> [Task instructions] Restate word for word the span that opens with the line containing "forall v, v \notin S -> 1" and closes with the final line of the data; give only those lines.

> [Saved entries]

########################################

(* For every integer $n\geq 8$, $$\dot{\imath}_{[1,2]}(P_8\Box P_n)=\begin{cases} 16 & \text{if } n=8,\\ \left\lfloor \frac{15n+16}{8}\right\rfloor & \text{otherwise.}\end{cases}$$
   Context: $P_k$ denotes the path on $k$ vertices and $P_m\Box P_n$ the Cartesian product of two paths (the $m\times n$ grid graph). A set $S$ of vertices of a graph $G$ is independent if no two vertices of $S$ are adjacent, and dominating if every vertex not in $S$ has at least one neighbor in $S$. An independent $[1,2]$-set of $G$ is an independent dominating set $S$ such that every vertex $v\in V(G)\setminus S$ has at least one and at most two neighbors in $S$. When $G$ has an independent $[1,2]$-set, $\dot{\imath}_{[1,2]}(G)$ denotes the minimum cardinality of an independent $[1,2]$-set of $G$ (the statement includes the existence of such a set). *)

From mathcomp Require Import all_boot.
Set Implicit Arguments. Unset Strict Implicit. Unset Printing Implicit Defensive.

Definition independent (T : finType) (adj : rel T) (S : {set T}) : Prop :=
  forall x y, x \in S -> y \in S -> ~~ adj x y.

Definition dominating (T : finType) (adj : rel T) (S : {set T}) : Prop :=
  forall v, v \notin S -> exists2 u, u \in S & adj v u.

Definition indep12_set (T : finType) (adj : rel T) (S : {set T}) : Prop :=
  [/\ independent adj S, dominating adj S &
      forall v, v \notin S -> 1 <= #|[set u in S | adj v u]| <= 2].

Definition indep12_number_is (T : finType) (adj : rel T) (k : nat) : Prop :=
  (exists2 S : {set T}, indep12_set adj S & #|S| = k) /\
  (forall S : {set T}, indep12_set adj S -> k <= #|S|).

Definition grid_adj (m n : nat) : rel ('I_m * 'I_n) :=
  fun x y =>
    ((val x.1 == val y.1) && (((val x.2).+1 == val y.2) || ((val y.2).+1 == val x.2)))
    || ((val x.2 == val y.2) && (((val x.1).+1 == val y.1) || ((val y.1).+1 == val x.1))).

From mathcomp Require Import all_boot zify.
Set Implicit Arguments. Unset Strict Implicit. Unset Printing Implicit Defensive.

########################################

> [Your response]
      forall v, v \notin S -> 1 <= #|[set u in S | adj v u]| <= 2].

Definition indep12_number_is (T : finType) (adj : rel T) (k : nat) : Prop :=
  (exists2 S : {set T}, indep12_set adj S & #|S| = k) /\
  (forall S : {set T}, indep12_set adj S -> k <= #|S|).

Definition grid_adj (m n : nat) : rel ('I_m * 'I_n) :=
  fun x y =>
    ((val x.1 == val y.1) && (((val x.2).+1 == val y.2) || ((val y.2).+1 == val x.2)))
    || ((val x.2 == val y.2) && (((val x.1).+1 == val y.1) || ((val y.1).+1 == val x.1))).

From mathcomp Require Import all_boot zify.
Set Implicit Arguments. Unset Strict Implicit. Unset Printing Implicit Defensive.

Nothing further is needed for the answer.